** Dataset extract **
Lemma cond_sum1 psi : 0 < prob_cons p psi -> \sum_phi cond p phi psi = 1.
Proof. by move=> hpc; rewrite /cond -big_mkcond /= -mulr_suml divff ?gt_eqF. Qed.

Lemma consistent_dom phi psi u :
  consistent phi psi -> u \in dom psi -> psi u = Some (phi u).
Proof.
move=> /forallP/(_ u); rewrite inE; case: (psi u) => [o|] //.
by move=> /eqP ->.
Qed.

Lemma psub_dom psi psi' : psub psi psi' -> dom psi \subset dom psi'.
Proof.
move=> sub; apply/subsetP=> u; rewrite !inE.
by case h: (psi u) => [o|] //; rewrite (sub _ _ h).
Qed.

Lemma consistent_psub_agree psi psi' phi phi' :
  psub psi psi' -> consistent phi psi -> consistent phi' psi' ->
  {in dom psi, phi =1 phi'}.
Proof.
move=> sub c c' u uS; have := sub _ _ (consistent_dom c uS).
by rewrite (consistent_dom c' (subsetP (psub_dom sub) u uS)) => -[].
Qed.

Lemma dom_pext psi e o : dom (pext psi e o) = e |: dom psi.
Proof. by apply/setP=> u; rewrite !inE ffunE; case: (u == e). Qed.

Lemma consistent_pext phi psi e :
  consistent phi psi -> consistent phi (pext psi e (phi e)).
Proof.
move=> /forallP c; apply/forallP=> u; rewrite ffunE.
by case: eqP => [->|_] //; apply: c.
Qed.

Lemma fwc_le_gain g e psi o :
  o \in Oset p e psi -> fwc p g e psi <= gain p g e psi o.
Proof.
move=> Oo; apply: (ge_bigmin_seq _ (gain p g e psi o)) => //.
by rewrite map_f // mem_enum.
Qed.

(* Under a partial realization of positive probability the minimum defining
   f_wc is over a nonempty set, hence attained. *)
Lemma fwc_attained g e psi : 0 < prob_cons p psi ->
  exists2 o, o \in Oset p e psi & fwc p g e psi = gain p g e psi o.
Proof.
move=> hpc; have [phi c pr] := prob_cons_gt0P hpc.
have Ophi : phi e \in Oset p e psi.
  by apply/existsP; exists phi; rewrite cond_gt0 // c pr eqxx.
have ne : [seq gain p g e psi o | o <- enum (Oset p e psi)] != [::].
  by apply/eqP=> /(congr1 size); rewrite size_map -cardE (cardD1 (phi e)) Ophi.
by have /mapP[o]:= bigmin_head_mem ne; rewrite mem_enum; exists o.
Qed.

Definition local_utility (g : {set E} -> realization Z -> R) : Prop :=
  forall S phi1 phi2, {in S, phi1 =1 phi2} -> g S phi1 = g S phi2.

Lemma fpart_local g psi phi0 : local_utility g ->
  0 < prob_cons p psi -> consistent phi0 psi ->
  fpart p g (dom psi) psi = g (dom psi) phi0.
Proof.
move=> loc hpc c0; rewrite /fpart -[RHS]mul1r -(cond_sum1 hpc) mulr_suml.
apply: eq_bigr => phi _; rewrite /cond; case c: (consistent phi psi); last by rewrite !mul0r.
congr (_ * _); apply: loc => u uS.
by have := consistent_dom c uS; rewrite (consistent_dom c0 uS) => -[].
Qed.

Definition covered S phi : {set E} :=
  [set v : E | [exists u in S, exists z : edge Z,
        ((val z).2 == v) && (phi u z == Some true)]].

Local Notation f := (@ic_utility R E Z).

Lemma ic_utilityE S phi :
  f S phi = (#|covered S phi|)%:R + (#|S|)%:R :> R.
Proof. by []. Qed.

Lemma covered_local S phi1 phi2 :
  {in S, phi1 =1 phi2} -> covered S phi1 = covered S phi2.
Proof.
move=> agree; apply/setP=> v; rewrite !inE.
by apply: eq_existsb => u; case uS: (u \in S); rewrite //= agree.
Qed.

Lemma ic_utility_local : local_utility f.
Proof. by move=> S phi1 phi2 agree; rewrite !ic_utilityE (covered_local agree). Qed.

Lemma covered_mono S S' phi : S \subset S' -> covered S phi \subset covered S' phi.
Proof.
move=> sub; apply/subsetP=> v; rewrite !inE => /existsP[u /andP[uS cov]].
by apply/existsP; exists u; rewrite (subsetP sub).
Qed.

Lemma covered_setU1 e S phi :
  covered (e |: S) phi = covered [set e] phi :|: covered S phi.
Proof.
apply/setP=> v; rewrite !inE; apply/existsP/orP.
  by case=> u /andP[]; rewrite !inE => /orP[] uS cov; [left|right];
    apply/existsP; exists u; rewrite ?inE uS.
case=> /existsP[u /andP[uS cov]]; exists u; rewrite cov andbT !inE.
  by rewrite inE in uS; rewrite uS.
by rewrite uS orbT.
Qed.

Lemma cardsUD (A B : {set E}) : #|A :|: B| = (#|A :\: B| + #|B|)%N.
Proof.
have := cardsID B (A :|: B); rewrite setIC setKU setDUl setDv setU0 => <-.
by rewrite addnC.
Qed.

Lemma ic_gainE psi e phi :
  0 < prob_cons p psi -> 0 < cond p phi psi -> e \notin dom psi ->
  gain p f e psi (phi e)
    = (#|covered [set e] phi :\: covered (dom psi) phi|)%:R + 1.
Proof.
move=> hpc; rewrite cond_gt0 // => /andP[c pr] eS.
have c' := consistent_pext e c.
have hpc' : 0 < prob_cons p (pext psi e (phi e)).
  exact: lt_le_trans pr (prior_le_prob_cons c').
rewrite /gain -(dom_pext psi e (phi e)) (fpart_local ic_utility_local hpc' c').
rewrite (fpart_local ic_utility_local hpc c) dom_pext !ic_utilityE.
by rewrite covered_setU1 cardsUD cardsU1 eS !natrD addrACA addrK addrC.
Qed.

Section Splice.
Variables (X X' : liveness Z) (D : {set E}).

Definition reached_from : pred E := fun w => [exists u in D, reachable X' u w].

Definition splice : liveness Z :=
  [ffun z => if reached_from (val z).1 then X' z else X z].

Lemma reached_from_closed x y :
  reached_from x -> live_rel X' x y -> reached_from y.
Proof.
move=> /existsP[u /andP[uD r]] l; apply/existsP; exists u.
by rewrite uD; apply: connect_trans r (connect1 l).
Qed.

Lemma splice_rel_in x y : reached_from x -> live_rel X' x y = live_rel splice x y.
Proof.
move=> Ax; apply: eq_existsb => z; case: eqP => [hz|] //=.
by rewrite ffunE hz /= Ax.
Qed.

Lemma splice_rel_out x y : ~~ reached_from x -> live_rel splice x y = live_rel X x y.
Proof.
move=> Ax; apply: eq_existsb => z; case: eqP => [hz|] //=.
by rewrite ffunE hz /= (negbTE Ax).
Qed.

Lemma realize_splice_in u : u \in D -> realize splice u = realize X' u.
Proof.
move=> uD; have Au : reached_from u by apply/existsP; exists u; rewrite uD /reachable connect0.
apply/ffunP=> z; rewrite !ffunE /reachable.
rewrite -(connect_agree_in reached_from_closed splice_rel_in Au).
case r: (connect _ u _) => //; rewrite ifT //.
by apply/existsP; exists u; rewrite uD.
Qed.

Lemma splice_gt0 : 0 < probX p X -> 0 < probX p X' -> 0 < probX p splice.
Proof.
move=> pX pX'; apply: prodr_gt0 => z _; rewrite ffunE.
by case: (reached_from _); [apply: probX_gt0_factor pX' | apply: probX_gt0_factor pX].
Qed.

Lemma splice_new_covered e :
  covered [set e] (realize splice) :\: covered D (realize splice)
    \subset covered [set e] (realize X).
Proof.
apply/subsetP=> v; rewrite !inE => /andP[nDv /existsP[u /andP[]]].
rewrite inE => /eqP -> {u} /existsP[z /andP[zv]]; rewrite !ffunE.
case r: (reachable splice e (val z).1) => //= /eqP[Yz].
have nA : ~~ reached_from (val z).1.
  apply: contra nDv => /existsP[u /andP[uD ru]].
  apply/existsP; exists u; rewrite uD; apply/existsP; exists z.
  rewrite zv realize_splice_in // !ffunE ru /= -Yz ifT //.
  by apply/existsP; exists u; rewrite uD.
rewrite (negbTE nA) in Yz.
apply/existsP; exists e; rewrite inE eqxx; apply/existsP; exists z.
have rX : reachable X e (val z).1.
  by apply: (connect_agree_out (A := reached_from) _ splice_rel_out) r nA => x y Ax;
    rewrite -splice_rel_in //; apply: reached_from_closed.
by rewrite zv !ffunE rX Yz.
Qed.

End Splice.

Lemma gain_exchange psi psi' e o :
  0 < prob_cons p psi -> 0 < prob_cons p psi' -> psub psi psi' ->
  e \notin dom psi' -> o \in Oset p e psi ->
  exists2 o', o' \in Oset p e psi' &
    gain p f e psi' o' <= gain p f e psi o.
Proof.
move=> hpc hpc' sub eS' /existsP[phi /andP[cp /eqP <-]].
have eS : e \notin dom psi by apply: contra eS'; apply: subsetP (psub_dom sub) e.
have := cp; rewrite cond_gt0 // => /andP[c /prior_gt0P[X hX pX]].
have [phi' c' /prior_gt0P[X' hX' pX']] := prob_cons_gt0P hpc'.
pose Y := splice X X' (dom psi').
have cY : consistent (realize Y) psi'.
  apply/forallP=> u; case h: (psi' u) => [o'|] //.
  have uS : u \in dom psi' by rewrite inE h.
  by rewrite realize_splice_in // hX'; move: (consistent_dom c' uS); rewrite h => -[->].
have cpY : 0 < cond p (realize Y) psi'.
  by rewrite cond_gt0 // cY prior_realize_gt0 // splice_gt0.
exists (realize Y e); first by apply/existsP; exists (realize Y); rewrite cpY eqxx.
rewrite (ic_gainE hpc' cpY eS') (ic_gainE hpc cp eS) lerD2r ler_nat.
apply: subset_leq_card; apply/subsetP=> v; rewrite in_setD => /andP[nv ev].
rewrite in_setD (covered_local (consistent_psub_agree sub c cY)) -hX.
apply/andP; split.
  by apply: contra nv; apply/subsetP/covered_mono/psub_dom.
by apply: (subsetP (splice_new_covered X X' (dom psi') e)); rewrite in_setD nv.
Qed.

End IndependentCascade.

Theorem proposition3 (R : realFieldType) (E : finType) (Z : rel E)
    (p : edge Z -> R) (hp : forall z, 0 <= p z <= 1) :
  wc_monotone p (@ic_utility R E Z) /\
  wc_submodular p (@ic_utility R E Z) /\
  minimal_dependency p (@ic_utility R E Z).
Proof.
split; [|split].
- move=> psi e hpc eS; have [o /existsP[phi /andP[cp /eqP <-]] ->] :=
    fwc_attained hp (@ic_utility R E Z) e hpc.
  by rewrite (ic_gainE hp hpc cp eS) addr_ge0 ?ler0n.
- move=> psi psi' e hpc hpc' sub eS'.
  have [o Oo ->] := fwc_attained hp (@ic_utility R E Z) e hpc.
  have [o' Oo' le_gain] := gain_exchange hp hpc hpc' sub eS' Oo.
  exact: le_trans (fwc_le_gain _ Oo') le_gain.
- move=> psi phi hpc _ c.
  exact: fpart_local (@ic_utility_local R E Z) hpc c.
Qed.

** What you are asked to do **
Which of the lines in the material above contain "Ophi"? Copy each one out.

** Reply **
have Ophi : phi e \in Oset p e psi.
  by apply/eqP=> /(congr1 size); rewrite size_map -cardE (cardD1 (phi e)) Ophi.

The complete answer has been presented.